Monotone Convergence Theorem

This is week four of re-writing a proof from the book Measure, Integration & Real Analysis by Sheldon Axler. The proof covered here demonstrates the Monotone Convergence Theorem.

Lemma 1: \(\int f d\mu = \sup \{ \sum_{j=1}^{m} \mu (A_j ):A_1,\dots ,A_m \text{ are disjoint sets in } \mathcal{S}, c_1,\dots ,c_m \in [0,\infty ], f(x)\geq \sum_{j=1}^{m}c_j \chi_{A_j} \; \forall \; x\in X \}\)

Lemma 2: Suppose \((X,\mathcal{S},\mu )\) is a measure space and \(E_1\subseteq E_2\subseteq \dots\) is an increasing sequence in \(\mathcal{S}\), then \(\mu (\cup_{k=1}^{\infty} E_k ) = \lim_{k\to \infty}\mu (E_k)\).

Monotone Convergence Theorem: Suppose \((X,\mathcal{S},\mu )\) is a measure space and \(0\leq f_1 \leq f_2 \leq \dots\) is an increasing sequence of \(\mathcal{S}\)-measurable functions. Define \(f:X\to [0,1]\) by \(f(x)=\lim_{k\to \infty} f_k (x)\). Then \(\lim_{k\to \infty}\int f_k d\mu = \int fd\mu\).

Proof: \((\lim_{k\to \infty}\int f_k d\mu \leq \int f d\mu ):\) note that since each \(f_i\) is \(\mathcal{S}\)-measurable its holds that \(f\) is \(\mathcal{S}\)-measurable. Furtheremore, since \(f_k(x)\leq f(x)\) for every \(x\in X\), we have that \(\int f_k(x)d\mu \leq \int fd\mu\) for each \(k\in \mathbb{Z}_{+}\). Hence, we have that \(\lim_{k\to \infty}\int f_k d\mu \leq \int f d\mu\).

\((\lim_{k\to \infty}\int f_k d\mu \geq \int f d\mu ):\) suppose \(A_1,\dots ,A_m\) are disjoint sets in \(\mathcal{S}\) and \(c_1,\dots ,c_m \in [0,\infty ]\) such that \(f(x)\geq \sum_{j=1}^{m}c_j\chi_{A_j}(x)\) for every \(x\in X\).
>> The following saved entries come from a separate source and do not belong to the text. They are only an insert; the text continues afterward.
(* Let $N$ be a continuous fuzzy negation, $U$ a disjunctive uninorm with neutral element $e\in\,]0,1[$, and $I(x,y)=U(N(x),y)$ for $x,y\in[0,1]$. Then the representation of $I$ as a $(U,N)$-implication with a continuous fuzzy negation is not unique if and only if there exists $\alpha\in\,]0,1[$ with $\alpha\neq e$ such that the function $f=U(\cdot,\alpha)$ is continuous and non-decreasing with $f(0)=0$ and $f(1)=1$.
   Context: A fuzzy negation is a non-increasing map $N:[0,1]\to[0,1]$ with $N(0)=1$, $N(1)=0$. A uninorm is a map $U:[0,1]^2\to[0,1]$ that is commutative, associative, non-decreasing in each variable, and has a neutral element $e\in[0,1]$. A uninorm is disjunctive if $U(1,0)=1$. A representation of $I$ as a $(U,N)$-implication with a continuous fuzzy negation is a pair $(U',N')$ with $U'$ a disjunctive uninorm with neutral element in $]0,1[$ and $N'$ a continuous fuzzy negation such that $I(x,y)=U'(N'(x),y)$ for all $x,y\in[0,1]$; the representation is unique if $(U,N)$ is the only such pair. *)

(* concrete reals R; all maps are total R -> R (or R -> R -> R)
   and only their behaviour on [0,1] matters. *)
From Stdlib Require Import Reals.
Open Scope R_scope.

Definition in01 (x : R) : Prop := 0 <= x <= 1.

Definition cont01 (f : R -> R) : Prop :=
  forall x, in01 x -> forall eps, 0 < eps ->
    exists delta, 0 < delta /\
      forall y, in01 y -> Rabs (y - x) < delta -> Rabs (f y - f x) < eps.

Definition nondecr01 (f : R -> R) : Prop :=
  forall x y, in01 x -> in01 y -> x <= y -> f x <= f y.

Definition fuzzy_negation (N : R -> R) : Prop :=
  (forall x, in01 x -> in01 (N x)) /\
  (forall x y, in01 x -> in01 y -> x <= y -> N y <= N x) /\
  N 0 = 1 /\ N 1 = 0.

Definition uninorm (U : R -> R -> R) (e : R) : Prop :=
  in01 e /\
  (forall x y, in01 x -> in01 y -> in01 (U x y)) /\
  (forall x y, in01 x -> in01 y -> U x y = U y x) /\
  (forall x y z, in01 x -> in01 y -> in01 z -> U x (U y z) = U (U x y) z) /\
  (forall x1 x2 y, in01 x1 -> in01 x2 -> in01 y -> x1 <= x2 -> U x1 y <= U x2 y) /\
  (forall x1 x2 y, in01 x1 -> in01 x2 -> in01 y -> x1 <= x2 -> U y x1 <= U y x2) /\
  (forall x, in01 x -> U e x = x).

Definition disjunctive (U : R -> R -> R) : Prop := U 1 0 = 1.

Definition UN_representation (I U' : R -> R -> R) (N' : R -> R) : Prop :=
  (exists e', 0 < e' < 1 /\ uninorm U' e') /\ disjunctive U' /\
  fuzzy_negation N' /\ cont01 N' /\
  (forall x y, in01 x -> in01 y -> I x y = U' (N' x) y).

Definition unique_UN_representation (I U : R -> R -> R) (N : R -> R) : Prop :=
  UN_representation I U N /\
  forall U' N', UN_representation I U' N' ->
    (forall x y, in01 x -> in01 y -> U' x y = U x y) /\
    (forall x, in01 x -> N' x = N x).

(* If (U', N') is another representation, with neutral element e', then
   U(N x, e') = N' x.  For e' = e this forces (U', N') = (U, N), because N
   is onto [0,1]; otherwise f = U(., e') is non-decreasing with f 0 = 0 and
   f 1 = 1, and it is onto [0,1] (as f o N = N' is), hence continuous.
   Conversely, given such an alpha, pick b with U(alpha, b) = e; then
   U'(x, y) = U(U(x, y), b) is a disjunctive uninorm with neutral element
   alpha, and (U', U(N ., alpha)) represents I although U'(alpha, e) = e
   differs from U(alpha, e) = alpha. *)

From Stdlib Require Import Reals Lra Classical.
Open Scope R_scope.

Lemma in01_0 : in01 0.
Proof. unfold in01; lra. Qed.

Lemma in01_1 : in01 1.
Proof. unfold in01; lra. Qed.

#[local] Hint Resolve in01_0 in01_1 : core.

Definition clamp01 (x : R) : R := Rmax 0 (Rmin 1 x).

Lemma clamp01_in01 (x : R) : in01 (clamp01 x).
Proof. unfold clamp01, in01, Rmax, Rmin; repeat destruct Rle_dec; lra. Qed.

Lemma clamp01_id (x : R) : in01 x -> clamp01 x = x.
Proof. unfold clamp01, in01, Rmax, Rmin; intros; repeat destruct Rle_dec; lra. Qed.

Lemma clamp01_1lipschitz (x y : R) : Rabs (clamp01 y - clamp01 x) <= Rabs (y - x).
Proof.
  unfold clamp01, Rmax, Rmin, Rabs.
  repeat destruct Rle_dec; repeat destruct Rcase_abs; lra.
Qed.

(* Extending g by constants outside [0,1] gives a continuous map on R, to which
   the Stdlib intermediate value theorem applies. *)
Lemma cont01_IVT (g : R -> R) (t : R) :
  cont01 g -> (g 0 - t) * (g 1 - t) <= 0 -> exists x, in01 x /\ g x = t.
Proof.
  intros Hg Hsign.
  set (G := fun y => g (clamp01 y) - t).
  assert (HG : continuity G).
  { intros x eps Heps.
    destruct (Hg _ (clamp01_in01 x) eps Heps) as [d [Hd Hclose]].
    exists d; split; [lra|]; intros y [_ Hy]; simpl in *; unfold Rdist in *.
    unfold G; replace (g (clamp01 y) - t - (g (clamp01 x) - t))
      with (g (clamp01 y) - g (clamp01 x)) by ring.
    apply Hclose; [apply clamp01_in01|].
    eapply Rle_lt_trans; [apply clamp01_1lipschitz | exact Hy]. }
  destruct (IVT_cor G 0 1 HG) as [z [Hz HGz]]; [lra| |].
  - unfold G; rewrite !clamp01_id; auto.
  - exists z; assert (Hz01 : in01 z) by (unfold in01; lra).
    split; [exact Hz01|]; unfold G in HGz; rewrite clamp01_id in HGz; auto; lra.
Qed.

Lemma cont_fuzzy_negation_onto (N : R -> R) :
  fuzzy_negation N -> cont01 N -> forall t, in01 t -> exists x, in01 x /\ N x = t.
Proof.
  intros [_ [_ [N0 N1]]] HNc t Ht; apply cont01_IVT; [exact HNc|].
  rewrite N0, N1; unfold in01 in Ht; nra.
Qed.

Lemma cont01_comp (f g : R -> R) :
  cont01 g -> cont01 f -> (forall x, in01 x -> in01 (g x)) -> cont01 (fun x => f (g x)).
Proof.
  intros Hg Hf Hrange x Hx eps Heps.
  destruct (Hf (g x) (Hrange x Hx) eps Heps) as [d1 [Hd1 Hf1]].
  destruct (Hg x Hx d1 Hd1) as [d2 [Hd2 Hg2]].
  exists d2; split; [exact Hd2|]; intros y Hy Hyx; apply Hf1; auto.
Qed.

Section MonotoneOnto.

Variable f : R -> R.
Hypothesis f_nondecr : nondecr01 f.
Hypothesis f_range : forall x, in01 x -> in01 (f x).
Hypothesis f_onto : forall t, in01 t -> exists x, in01 x /\ f x = t.

(* A jump of f at x would leave a value near f x out of the range. *)
Lemma nondecr_onto_right_cont (x eps : R) : in01 x -> 0 < eps ->
  exists d, 0 < d /\ forall y, in01 y -> x <= y -> y < x + d -> f y - f x < eps.
Proof.
  intros Hx Heps; pose proof (f_range x Hx) as Hfx; unfold in01 in Hfx.
  destruct (Rlt_dec (f x) 1) as [Hlt|Hge].
  - destruct (f_onto (Rmin (f x + eps / 2) 1)) as [x2 [Hx2 Hfx2]].
    { unfold in01, Rmin; destruct Rle_dec; lra. }
    assert (Hmin : Rmin (f x + eps / 2) 1 <= f x + eps / 2) by apply Rmin_l.
    assert (Hxx2 : x < x2).
    { destruct (Rlt_dec x x2) as [h|h]; [exact h|].
      assert (f x2 <= f x) by (apply f_nondecr; auto; lra).
      unfold Rmin in Hfx2; destruct Rle_dec; lra. }
    exists (x2 - x); split; [lra|]; intros y Hy Hxy Hyx2.
    assert (f y <= f x2) by (apply f_nondecr; auto; lra); lra.
  - exists 1; split; [lra|]; intros y Hy _ _.
    pose proof (f_range y Hy); unfold in01 in *; lra.
Qed.

Lemma nondecr_onto_left_cont (x eps : R) : in01 x -> 0 < eps ->
  exists d, 0 < d /\ forall y, in01 y -> y <= x -> x - d < y -> f x - f y < eps.
Proof.
  intros Hx Heps; pose proof (f_range x Hx) as Hfx; unfold in01 in Hfx.
  destruct (Rlt_dec 0 (f x)) as [Hlt|Hge].
  - destruct (f_onto (Rmax (f x - eps / 2) 0)) as [x1 [Hx1 Hfx1]].
    { unfold in01, Rmax; destruct Rle_dec; lra. }
    assert (Hmax : f x - eps / 2 <= Rmax (f x - eps / 2) 0) by apply Rmax_l.
    assert (Hx1x : x1 < x).
    { destruct (Rlt_dec x1 x) as [h|h]; [exact h|].
      assert (f x <= f x1) by (apply f_nondecr; auto; lra).
      unfold Rmax in Hfx1; destruct Rle_dec; lra. }
    exists (x - x1); split; [lra|]; intros y Hy Hyx Hx1y.
    assert (f x1 <= f y) by (apply f_nondecr; auto; lra); lra.
  - exists 1; split; [lra|]; intros y Hy _ _.
    pose proof (f_range y Hy); unfold in01 in *; lra.
Qed.

Lemma nondecr_onto_cont01 : cont01 f.
Proof.
  intros x Hx eps Heps.
  destruct (nondecr_onto_right_cont x eps Hx Heps) as [dr [Hdr Hright]].
  destruct (nondecr_onto_left_cont x eps Hx Heps) as [dl [Hdl Hleft]].
  exists (Rmin dr dl); split; [apply Rmin_pos; auto|]; intros y Hy Hyx.
  assert (Rmin dr dl <= dr) by apply Rmin_l.
  assert (Rmin dr dl <= dl) by apply Rmin_r.
  apply Rabs_def2 in Hyx as [Hyx1 Hyx2].
  destruct (Rle_dec x y) as [Hxy|Hxy].
  - assert (f x <= f y) by (apply f_nondecr; auto).
    assert (f y - f x < eps) by (apply Hright; auto; lra).
    apply Rabs_def1; lra.
  - assert (f y <= f x) by (apply f_nondecr; auto; lra).
    assert (f x - f y < eps) by (apply Hleft; auto; lra).
    apply Rabs_def1; lra.
Qed.

End MonotoneOnto.

Section Uninorm.

Variables (U : R -> R -> R) (e : R).
Hypothesis HU : uninorm U e.

Lemma uninorm_in01 : in01 e.
Proof. apply HU. Qed.

Lemma uninorm_closed x y : in01 x -> in01 y -> in01 (U x y).
Proof. apply HU. Qed.

Lemma uninorm_comm x y : in01 x -> in01 y -> U x y = U y x.
Proof. apply HU. Qed.

Lemma uninorm_assoc x y z : in01 x -> in01 y -> in01 z -> U x (U y z) = U (U x y) z.
Proof. apply HU. Qed.

Lemma uninorm_monoL x1 x2 y : in01 x1 -> in01 x2 -> in01 y -> x1 <= x2 -> U x1 y <= U x2 y.
Proof. apply HU. Qed.

Lemma uninorm_monoR x1 x2 y : in01 x1 -> in01 x2 -> in01 y -> x1 <= x2 -> U y x1 <= U y x2.
Proof. apply HU. Qed.

Lemma uninorm_neutralL x : in01 x -> U e x = x.
Proof. apply HU. Qed.

Lemma uninorm_neutralR x : in01 x -> U x e = x.
Proof.
  intros Hx; rewrite uninorm_comm; [apply uninorm_neutralL|..]; auto using uninorm_in01.
Qed.

#[local] Hint Resolve uninorm_in01 uninorm_closed : core.

Lemma disjunctive_top_absorbing y : disjunctive U -> in01 y -> U 1 y = 1.
Proof.
  intros HD Hy; pose proof (uninorm_closed 1 y in01_1 Hy).
  assert (U 1 0 <= U 1 y) by (apply uninorm_monoR; auto; apply Hy).
  unfold disjunctive, in01 in *; lra.
Qed.

Section Shift.

Variables a b : R.
Hypotheses (Ha : in01 a) (Hb : in01 b) (Hab : U a b = e).

Definition uninorm_shift (x y : R) : R := U (U x y) b.

Lemma uninorm_shift_uninorm : uninorm uninorm_shift a.
Proof.
  unfold uninorm_shift.
  split; [exact Ha|]; split; [auto|]; split; [|split; [|split; [|split]]].
  - intros x y Hx Hy; rewrite (uninorm_comm x y); auto.
  - intros x y z Hx Hy Hz.
    rewrite (uninorm_assoc x (U y z) b), (uninorm_assoc x y z),
      <- (uninorm_assoc (U x y) b z), (uninorm_comm b z),
      (uninorm_assoc (U x y) z b); auto.
  - intros x1 x2 y H1 H2 Hy H12; apply uninorm_monoL; auto; apply uninorm_monoL; auto.
  - intros x1 x2 y H1 H2 Hy H12; apply uninorm_monoL; auto; apply uninorm_monoR; auto.
  - intros x Hx; rewrite (uninorm_comm a x), <- uninorm_assoc, Hab, uninorm_neutralR; auto.
Qed.

Lemma uninorm_shift_disjunctive : disjunctive U -> disjunctive uninorm_shift.
Proof.
  intros HD; unfold disjunctive, uninorm_shift; rewrite HD.
  apply disjunctive_top_absorbing; auto.
Qed.

Lemma uninorm_shift_implication (N : R -> R) x y :
  in01 (N x) -> in01 y -> U (N x) y = uninorm_shift (U (N x) a) y.
Proof.
  intros Hx Hy; unfold uninorm_shift.
  rewrite <- (uninorm_assoc (N x) a y), (uninorm_comm a y), (uninorm_assoc (N x) y a),
    <- (uninorm_assoc (U (N x) y) a b), Hab, uninorm_neutralR; auto.
Qed.

End Shift.

End Uninorm.

#[local] Hint Resolve uninorm_in01 uninorm_closed : core.

Section Representations.

Variables (N : R -> R) (U I : R -> R -> R) (e : R).
Hypotheses (HN : fuzzy_negation N) (HNc : cont01 N) (HU : uninorm U e)
  (HI : forall x y, in01 x -> in01 y -> I x y = U (N x) y).

Lemma negation_in01 x : in01 x -> in01 (N x).
Proof. apply HN. Qed.

#[local] Hint Resolve negation_in01 : core.

Lemma representation_neutral_section U' N' e' :
  uninorm U' e' -> fuzzy_negation N' ->
  (forall x y, in01 x -> in01 y -> I x y = U' (N' x) y) ->
  forall x, in01 x -> U (N x) e' = N' x.
Proof.
  intros HU' [HN'01 _] HI' x Hx.
  rewrite <- HI, HI', uninorm_neutralR; eauto.
Qed.

Lemma representation_same_neutral U' N' :
  uninorm U' e -> fuzzy_negation N' ->
  (forall x y, in01 x -> in01 y -> I x y = U' (N' x) y) ->
  (forall x y, in01 x -> in01 y -> U' x y = U x y) /\ (forall x, in01 x -> N' x = N x).
Proof.
  intros HU' HN' HI'.
  assert (HNN : forall x, in01 x -> N' x = N x).
  { intros x Hx; rewrite <- (representation_neutral_section U' N' e), uninorm_neutralR; eauto. }
  split; [|exact HNN].
  intros a y Ha Hy; destruct (cont_fuzzy_negation_onto N HN HNc a Ha) as [x [Hx <-]].
  rewrite <- (HNN x Hx) at 1; rewrite <- HI', HI; auto.
Qed.

Lemma representation_other_neutral U' N' e' :
  uninorm U' e' -> fuzzy_negation N' -> cont01 N' ->
  (forall x y, in01 x -> in01 y -> I x y = U' (N' x) y) ->
  cont01 (fun x => U x e') /\ nondecr01 (fun x => U x e') /\ U 0 e' = 0 /\ U 1 e' = 1.
Proof.
  intros HU' HN' HN'c HI'.
  pose proof (uninorm_in01 _ _ HU') as He'.
  pose proof (representation_neutral_section U' N' e' HU' HN' HI') as Hsection.
  assert (N0 : N 0 = 1) by apply HN; assert (N1 : N 1 = 0) by apply HN.
  assert (Hmono : nondecr01 (fun x => U x e')).
  { intros x y Hx Hy Hxy; apply uninorm_monoL with e; auto. }
  split; [|split; [exact Hmono|split]].
  - apply nondecr_onto_cont01; [exact Hmono | intros x Hx; eauto |].
    intros t Ht; destruct (cont_fuzzy_negation_onto N' HN' HN'c t Ht) as [x [Hx <-]].
    exists (N x); split; auto.
  - rewrite <- N1 at 1; rewrite Hsection; auto; apply HN'.
  - rewrite <- N0 at 1; rewrite Hsection; auto; apply HN'.
Qed.

Lemma shifted_representation alpha b :
  disjunctive U -> 0 < alpha < 1 -> in01 b -> U alpha b = e ->
  U 0 alpha = 0 -> cont01 (fun x => U x alpha) ->
  UN_representation I (uninorm_shift U b) (fun x => U (N x) alpha).
Proof.
  intros HD Halpha Hb Hab H0 Hcont.
  assert (Halpha01 : in01 alpha) by (unfold in01; lra).
  pose proof HN as [_ [HNmono [N0 N1]]].
  split; [|split; [|split; [|split]]].
  - exists alpha; split; [exact Halpha|]; apply (uninorm_shift_uninorm U e HU); auto.
  - apply (uninorm_shift_disjunctive U e HU); auto.
  - split; [intros x Hx; eauto|]; split; [|split].
    + intros x y Hx Hy Hxy; apply uninorm_monoL with e; auto.
    + rewrite N0; apply disjunctive_top_absorbing with e; auto.
    + rewrite N1; exact H0.
  - apply (cont01_comp (fun t => U t alpha) N); auto.
  - intros x y Hx Hy; rewrite HI, (uninorm_shift_implication U e HU alpha b); auto.
Qed.

End Representations.

Theorem mainTheorem4 (N : R -> R) (U : R -> R -> R) (e : R) (I : R -> R -> R) :
  fuzzy_negation N -> cont01 N ->
  uninorm U e -> 0 < e < 1 -> disjunctive U ->
  (forall x y, in01 x -> in01 y -> I x y = U (N x) y) ->
  (~ unique_UN_representation I U N <->
   exists alpha, 0 < alpha < 1 /\ alpha <> e /\
     cont01 (fun x => U x alpha) /\ nondecr01 (fun x => U x alpha) /\
     U 0 alpha = 0 /\ U 1 alpha = 1).
Proof.
  intros HN HNc HU He HD HI; split.
  - intros Hnot; apply NNPP; intros Hnone; apply Hnot; split.
    { split; [exists e; split; auto|]; split; [exact HD|]; split; [exact HN|]; split; auto. }
    intros U' N' [[e' [He' HU']] [_ [HN' [HN'c HI']]]].
    destruct (Req_dec e' e) as [-> | Hne].
    + apply (representation_same_neutral N U I e); auto.
    + exfalso; apply Hnone; exists e'; split; [exact He'|]; split; [exact Hne|].
      eapply (representation_other_neutral N U I e); eauto.
  - intros [alpha [Halpha [Hne [Hcont [_ [H0 H1]]]]]] [_ Hunique].
    assert (Halpha01 : in01 alpha) by (unfold in01; lra).
    destruct (cont01_IVT (fun x => U x alpha) e Hcont) as [b [Hb Hba]].
    { rewrite H0, H1; nra. }
    assert (Hab : U alpha b = e) by (cbn in Hba; rewrite (uninorm_comm U e HU); auto).
    destruct (Hunique _ _ (shifted_representation N U I e HN HNc HU HI alpha b
                             HD Halpha Hb Hab H0 Hcont)) as [HU'eq _].
    specialize (HU'eq alpha e Halpha01 (uninorm_in01 _ _ HU)).
    unfold uninorm_shift in HU'eq.
    rewrite !(uninorm_neutralR U e HU alpha Halpha01), Hab in HU'eq.
    exact (Hne (eq_sym HU'eq)).
Qed.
Essentiaally, the choosen set \(A_1,\dots ,A_m\) are used to define a simple function which lower bounds \(f\). Let \(t\in (0,1)\). For \(k\in \mathbb{Z}_{+}\), let \(E_k =\{ x\in X\mid f_k(x)\geq t\sum_{j=1}^{m} c_j \chi_{A_j}(x) \}\) (Eq. 1). By construction, \(E_1\subseteq E_2\subseteq \dots\) is an increasing sequence of sets in \(\mathcal{S}\) whose union equals \(X\). Note, Lemma 2 applies and we have \(\lim_{k\to \infty}\mu (A_j\cap E_k)=\mu (A_j)\) for each \(j\in \{1,\dots ,m \}\). Thus, by Lemma 3 we have that \(\int f_k d\mu \leq t\sum_{j=1}^{m}c_j \mu (A_j\cap E_k)\). By taking the lmit as \(k\to \infty\) and \(t\to 1\), we get \(\lim_{k\to \infty}\int f_kd\mu \geq \sum_{j=1}^{m}c_j \mu (A_j)\). As \(A_1,\dots ,A_m\) was arbitrarly declared, let \(A_1,\dots ,A_m\) be the sup \(\mathcal{S}\)-partion of \(X\) and all \(c_1,\dots c_m\in [0,\infty]\) satisfying Eq 1. Finally, by Lemma 1, we get \(\lim_{k\to \infty}\int f_k d\mu \geq \int f d\mu\) completing the proof. \(\square\)